Reddit r/MachineLearning·25 May 2026

𝐃𝐞𝐥𝐭𝐚 𝐀𝐭𝐭𝐞𝐧𝐭𝐢𝐨𝐧 𝐑𝐞𝐬𝐢𝐝𝐮𝐚𝐥𝐬 [R]

Signal

Hype

In three linesDelta Attention Residuals improves residual connections by routing over layer deltas (vᵢ = hᵢ₊₁ − hᵢ) instead of cumulative hidden states. Results: −8.2% PPL at 7.6B, 1.8× sharper cross-layer routing (max weight 0.2→0.6), <0.01% parameter overhead. Code and paper released.

## Delta Attention Residuals: fixing cross-layer routing collapse at near-zero cost

### 1. The problem that wasn't actually solved

Standard residual connections (h_{i+1} = h_i + f(h_i)) are the backbone of every modern transformer. Since 2023, several works have pushed further with *Attention Residuals*: instead of simply adding the previous layer, they dynamically route over all past hidden states via a cross-layer attention mechanism. The intuition is sound — let the model choose which intermediate representation to reuse.

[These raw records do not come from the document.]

(* Let $k$ be a field of characteristic $p>0$, let $k'/k$ be a purely inseparable finite field extension of degree $q$ with $k$-basis $\{1=\alpha_1,\alpha_2,\dots,\alpha_q\}$, let $C=\mathrm{R}_{k'/k}(\mathbb{G}_m)$, embedded in affine $q$-space $\mathbb{A}_q$ via coordinates with respect to this basis, and let $U$ be the unipotent radical of $C_{\bar k}$. Let $A$ be a $\bar k$-algebra and $a=(a_1,\dots,a_q)\in C_{\bar k}(A)\subseteq\mathbb{A}_q(A)$. Then $a\in U(A)$ if and only if $a_1=1-\sum_{2\le i\le q}a_i\alpha_i$.
   Context: Here a point $a=(a_1,\dots,a_q)$ of $C_{\bar k}(A)$ corresponds to the unit $\sum_i\alpha_i\otimes a_i\in k'\otimes_k A$, and $\alpha_i\in k'\subseteq\bar k$. *)

From HB Require Import structures.
From mathcomp Require Import all_boot all_order all_algebra.
From mathcomp Require Import mpoly.
Set Implicit Arguments. Unset Strict Implicit. Unset Printing Implicit Defensive.
Import Order.TTheory GRing.Theory.
Local Open Scope ring_scope.

(* Setting: F = k, L = kbar (algebraically closed, algebraic over iota(F)),
   alpha : 'I_q -> L the k-basis 1 = alpha_1, ..., alpha_q of k' (viewed inside
   kbar), c i j l the structure constants alpha_i alpha_j = sum_l c_ijl alpha_l. *)

Section Defs.
Variables (F : fieldType) (L : closedFieldType) (iota : {rmorphism F -> L}).
Variables (q : nat) (alpha : 'I_q -> L) (c : 'I_q -> 'I_q -> 'I_q -> F).

Definition in_kprime (x : L) : Prop :=
  exists b : 'I_q -> F, x = \sum_i iota (b i) * alpha i.

Definition alpha_free : Prop :=
  forall b : 'I_q -> F, \sum_i iota (b i) * alpha i = 0 -> forall i, b i = 0.

Definition struct_consts : Prop :=
  forall i j, alpha i * alpha j = \sum_l iota (c i j l) * alpha l.

Definition purely_insep (p : nat) : Prop :=
  forall x, in_kprime x -> exists n : nat, exists y : F, x ^+ (p ^ n) = iota y.

Definition algebraic_over : Prop :=
  forall x : L, exists2 P : {poly F}, P != 0 & root (map_poly iota P) x.

(* k' (x) A, for a kbar-algebra A, written in coordinates w.r.t. the basis
   alpha_i (x) 1: a point a : 'I_q -> A stands for sum_i alpha_i (x) a_i. *)
Section Tensor.
Variable A : comAlgType L.

Definition tmul (a b : 'I_q -> A) : 'I_q -> A :=
  fun l => \sum_i \sum_j a i * b j * (iota (c i j l))%:A.

(* the unit 1 = alpha_1 (x) 1; i0 is the index of alpha_1 *)
Definition tone (i0 : 'I_q) : 'I_q -> A := fun l => if l == i0 then 1 else 0.

(* C_kbar(A) = (k' (x)_k A)^x, C = R_{k'/k}(G_m) *)
Definition C_pts (i0 : 'I_q) (a : 'I_q -> A) : Prop :=
  exists b : 'I_q -> A, tmul a b = tone i0.
End Tensor.

(* matrix of multiplication by a in k' (x) kbar w.r.t. the basis alpha_i (x) 1
   (the regular representation C_kbar -> GL_q) *)
Definition mulmx_of (a : 'I_q -> L) : 'M[L]_q :=
  \matrix_(l, j) \sum_i a i * iota (c i j l).

Definition unipotent_pt (a : 'I_q -> L) : Prop :=
  exists m : nat, (mulmx_of a - 1%:M) ^+ m = 0.

(* Unipotent radical U of the commutative smooth connected group C_kbar:
   its kbar-points are the unipotent elements of C(kbar); as U is smooth
   (reduced) it is the reduced closed subscheme of A_q with these points,
   i.e. cut out by the ideal of polynomials vanishing on them. *)
Definition U_ideal (i0 : 'I_q) (f : {mpoly L[q]}) : Prop :=
  forall x : 'I_q -> L, C_pts (A := L^o) i0 x -> unipotent_pt x -> f.@[x] = 0.

Definition U_pts (A : comAlgType L) (i0 : 'I_q) (a : 'I_q -> A) : Prop :=
  C_pts i0 a /\
  forall f : {mpoly L[q]}, U_ideal i0 f -> mmap (fun z : L => z%:A) a f = 0.

End Defs.

(* Write [M x] for the matrix of multiplication by [sum_i alpha_i (x) x_i] on
   [k' (x) kbar] and [s x = sum_i x_i alpha_i] for its image under the
   multiplication map [k' (x) kbar -> kbar].  The row [(alpha_j)_j] is a left
   eigenvector of every [M x] with eigenvalue [s x], so unipotent points have
   [s x = 1].  Conversely, if [s x = 1] then [M x - 1 = sum_i d_i M alpha_i] with
   [sum_i d_i alpha_i = 0]; the [M alpha_i] commute and a single power [p^e]
   sends every [alpha_i] into [k], so [(M x - 1)^(p^e)] is the scalar
   [(sum_i d_i alpha_i)^(p^e) = 0].  Thus the kbar-points of [U] are exactly
   those of the affine hyperplane [s x = 1] (which are automatically units);
   as [kbar] is infinite, a polynomial vanishing there vanishes after
   substituting the hyperplane's parametrisation, hence at its points with
   values in any kbar-algebra. *)

From HB Require Import structures.
From mathcomp Require Import all_boot all_order all_algebra.
From mathcomp Require Import mpoly.
From Stdlib Require Import FunctionalExtensionality.
Set Implicit Arguments. Unset Strict Implicit. Unset Printing Implicit Defensive.
Import GRing.Theory.
Local Open Scope ring_scope.

Lemma mpoly_rmorph_eq (R S : nzRingType) (n : nat)
    (g1 g2 : {rmorphism {mpoly R[n]} -> S}) :
  (forall c, g1 c%:MP = g2 c%:MP) -> (forall i, g1 'X_i = g2 'X_i) -> g1 =1 g2.
Proof.
move=> eqC eqX; elim/mpolyind => [|c m p _ _ IH]; first by rewrite !raddf0.
rewrite !raddfD /= IH -mul_mpolyC !rmorphM /= eqC mpolyXE_id !rmorph_prod /=.
by congr (_ * _ + _); apply: eq_bigr => i _; rewrite !rmorphXn /= eqX.
Qed.

Lemma mmap_eq (R S : nzRingType) (n : nat) (f : R -> S) (h1 h2 : 'I_n -> S)
    (p : {mpoly R[n]}) :
  h1 =1 h2 -> mmap f h1 p = mmap f h2 p.
Proof. by move=> eq_h; apply: eq_bigr => m _; rewrite (mmap1_eq _ eq_h). Qed.

Lemma mmap_sum_XC (R S : comNzRingType) (g : {rmorphism R -> S}) (n : nat)
    (P : pred 'I_n) (beta : 'I_n -> R) (y : 'I_n -> S) :
  mmap g y (\sum_(i | P i) 'X_i * (beta i)%:MP) = \sum_(i | P i) y i * g (beta i).
Proof.
by rewrite rmorph_sum; apply: eq_bigr => i _; rewrite rmorphM /= mmapX mmap1U mmapC.
Qed.

Lemma mmap_comp_mpoly (R S : comNzRingType) (g : {rmorphism R -> S}) (n k : nat)
    (T : n.-tuple {mpoly R[k]}) (a : 'I_k -> S) (f : {mpoly R[n]}) :
  mmap g a (f \mPo T) = mmap g (fun i => mmap g a (tnth T i)) f.
Proof.
apply: (mpoly_rmorph_eq (g1 := mmap g a \o comp_mpoly T)) => [c|i] /=.
  by rewrite comp_mpolyC !mmapC.
by rewrite comp_mpolyXU -tnth_nth mmapX mmap1U.
Qed.

Lemma mwidenXU (R : nzRingType) (n : nat) (i : 'I_n) :
  mwiden 'X_i = 'X_(widen_ord (leqnSn n) i) :> {mpoly R[n.+1]}.
Proof. by rewrite mwidenX mnmwiden1. Qed.

Section Muni.
Variables (R : comNzRingType) (n : nat).
Local Notation widen := (widen_ord (leqnSn n)).

Lemma meval_muni (w : 'I_n.+1 -> R) (p : {mpoly R[n.+1]}) :
  p.@[w] = (map_poly (meval (w \o widen)) (muni p)).[w ord_max].
Proof.
pose g := horner_eval (w ord_max) \o map_poly (meval (w \o widen)) \o @muni n R.
suff /(_ p) : meval w =1 g by [].
apply: mpoly_rmorph_eq => [c|i] /=.
  by rewrite muniC map_polyC /horner_eval hornerC /= !mevalC.
rewrite mevalXU /muni mmapX mmap1U /horner_eval.
case: splitP => [j Hj | k Hk].
  by rewrite map_polyC hornerC /= mevalXU; congr w; apply: val_inj; rewrite /= -Hj.
rewrite map_polyX hornerX; congr w; apply: val_inj.
by move: Hk; rewrite /= (ord1 k) addn0.
Qed.

Lemma muniK (p : {mpoly R[n.+1]}) : (map_poly (@mwiden n R) (muni p)).['X_ord_max] = p.
Proof.
pose g := horner_eval 'X_ord_max \o map_poly (@mwiden n R) \o @muni n R.
suff /(_ p) : g =1 idfun by [].
apply: mpoly_rmorph_eq => [c|i] /=.
  by rewrite muniC map_polyC /horner_eval hornerC /= mwidenC.
rewrite /muni mmapX mmap1U /horner_eval.
case: splitP => [j Hj | k Hk].
  by rewrite map_polyC hornerC /= mwidenXU; congr 'X__; apply: val_inj; rewrite /= -Hj.
rewrite map_polyX hornerX; congr 'X__; apply: val_inj.
by move: Hk; rewrite /= (ord1 k) addn0.
Qed.

End Muni.

Lemma mpoly_eq0_of_meval (R : comNzRingType)
    (nonroot : forall Q : {poly R}, Q != 0 -> exists x, ~~ root Q x) :
  forall n (p : {mpoly R[n]}), (forall v, p.@[v] = 0) -> p = 0.
Proof.
have poly_eq0 (Q : {poly R}) : (forall t, Q.[t] = 0) -> Q = 0.
  by move=> HQ; apply/eqP; apply: contraT => /nonroot[t]; rewrite /root HQ eqxx.
elim=> [|n IH] p Hp.
  rewrite (nvar0_mpolyC p) -(mevalC (fun _ : 'I_0 => 0) p@_0%MM) -nvar0_mpolyC.
  by rewrite Hp mpolyC0.
suff muni_p : muni p = 0 by rewrite -[p]muniK muni_p rmorph0 horner0.
apply/polyP => k; rewrite coef0; apply: IH => v.
pose w t i := oapp v t (unlift ord_max i).
have wv t : w t \o widen_ord (leqnSn n) =1 v.
  move=> j; rewrite /w /= (_ : widen_ord _ j = lift ord_max j) ?liftK //.
  by apply: val_inj; rewrite /= /bump leqNgt ltn_ord.
suff muni_v : map_poly (meval v) (muni p) = 0.
  by have := congr1 (fun Q : {poly R} => Q`_k) muni_v; rewrite /= coef_map coef0.
apply: poly_eq0 => t; have := Hp (w t); rewrite meval_muni /w unlift_none /=.
by rewrite (eq_map_poly (fun q => meval_eq q (wv t))).
Qed.

Lemma hyperplane_pivotE (R : nzRingType) (n : nat) (i0 : 'I_n) (beta y : 'I_n -> R) :
  beta i0 = 1 ->
  (\sum_i y i * beta i = 1) <-> (y i0 = 1 - \sum_(i | i != i0) y i * beta i).
Proof.
move=> beta1; rewrite (bigD1 i0) //= beta1 mulr1.
by split=> [<- | ->]; [rewrite addrK | rewrite subrK].
Qed.

Section Hyperplane.
Variables (R : comNzRingType) (n : nat) (i0 : 'I_n) (beta : 'I_n -> R).

Definition hyperplane_subst : n.-tuple {mpoly R[n]} :=
  [tuple if i == i0 then 1 - \sum_(j | j != i0) 'X_j * (beta j)%:MP else 'X_i | i < n].

Lemma mmap_hyperplane_subst (S : comNzRingType) (g : {rmorphism R -> S})
    (y : 'I_n -> S) (i : 'I_n) :
  mmap g y (tnth hyperplane_subst i)
  = if i == i0 then 1 - \sum_(j | j != i0) y j * g (beta j) else y i.
Proof.
rewrite tnth_mktuple; case: eqP => _; last by rewrite mmapX mmap1U.
by rewrite rmorphB rmorph1 /= mmap_sum_XC.
Qed.

Lemma mmap_eq0_on_hyperplane
    (nonroot : forall Q : {poly R}, Q != 0 -> exists x, ~~ root Q x)
    (f : {mpoly R[n]}) :
  (forall x : 'I_n -> R, x i0 = 1 - \sum_(i | i != i0) x i * beta i -> f.@[x] = 0) ->
  forall (A : comAlgType R) (a : 'I_n -> A),
  a i0 = 1 - \sum_(i | i != i0) a i * (beta i)%:A -> mmap (in_alg A) a f = 0.
Proof.
move=> f0 A a a_hyp.
have fT0 : f \mPo hyperplane_subst = 0.
  apply: (mpoly_eq0_of_meval nonroot) => v; rewrite comp_mpoly_meval; apply: f0.
  rewrite /meval mmap_hyperplane_subst eqxx; congr (1 - _).
  by apply: eq_bigr => i /negbTE i_neq0; rewrite mmap_hyperplane_subst i_neq0.
have := congr1 (mmap (in_alg A) a) fT0; rewrite mmap_comp_mpoly mmap0 => <-.
by apply: mmap_eq => i; rewrite mmap_hyperplane_subst; case: eqP => [-> |].
Qed.

End Hyperplane.

Lemma pFrobenius_aut_sum_comm (R : nzRingType) (p : nat) (hp : p \in [pchar R])
    (I : Type) (r : seq I) (f : I -> R) :
  (forall i j, GRing.comm (f i) (f j)) ->
  pFrobenius_aut hp (\sum_(i <- r) f i) = \sum_(i <- r) pFrobenius_aut hp (f i).
Proof.
move=> fC; elim: r => [|i r IH]; first by rewrite !big_nil pFrobenius_aut0.
rewrite !big_cons pFrobenius_autD_comm ?IH //.
by apply: commr_sum => j _; apply: fC.
Qed.

Lemma expr_pchar_sum_comm (R : nzRingType) (p : nat) (hp : p \in [pchar R])
    (I : Type) (r : seq I) (f : I -> R) (e : nat) :
  (forall i j, GRing.comm (f i) (f j)) ->
  (\sum_(i <- r) f i) ^+ (p ^ e) = \sum_(i <- r) f i ^+ (p ^ e).
Proof.
elim: e f => [|e IH] f fC.
  by rewrite expn0 expr1; apply: eq_bigr => i _; rewrite expr1.
rewrite expnSr exprM IH // -pFrobenius_autE pFrobenius_aut_sum_comm.
  by apply: eq_bigr => i _; rewrite pFrobenius_autE -exprM.
by move=> i j; apply/commrX/commr_sym/commrX/commr_sym.
Qed.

The problem: at scale, this routing collapses. Cumulative hidden states h_i are structurally redundant — each layer adds a small perturbation to an already semantically saturated vector. The result: cross-layer attention converges to near-uniform distribution, with a maximum weight of ~0.2 in deep layers. The selection mechanism becomes useless. Worse: at 7.6B parameters, Attention Residuals actually degrade perplexity below the standard baseline (18.58 vs 17.43), meaning the architectural cost is not offset by any gain.

### 2. The delta mechanics

Delta Attention Residuals replaces cumulative hidden states with their inter-layer differences: v_i = h_{i+1} − h_i. These deltas represent the net contribution of each sublayer — what it actually changed, not the accumulation of everything before it.

Why this matters: deltas are structurally diverse. Some layers perform syntactic transformations, others semantic ones, others denoising. This structural diversity prevents routing collapse. The maximum attention weight goes from ~0.2 to ~0.6 (0.62 vs 0.35 average), a 1.8× sharpness improvement. The model genuinely learns to select relevant past contributions rather than averaging uniformly.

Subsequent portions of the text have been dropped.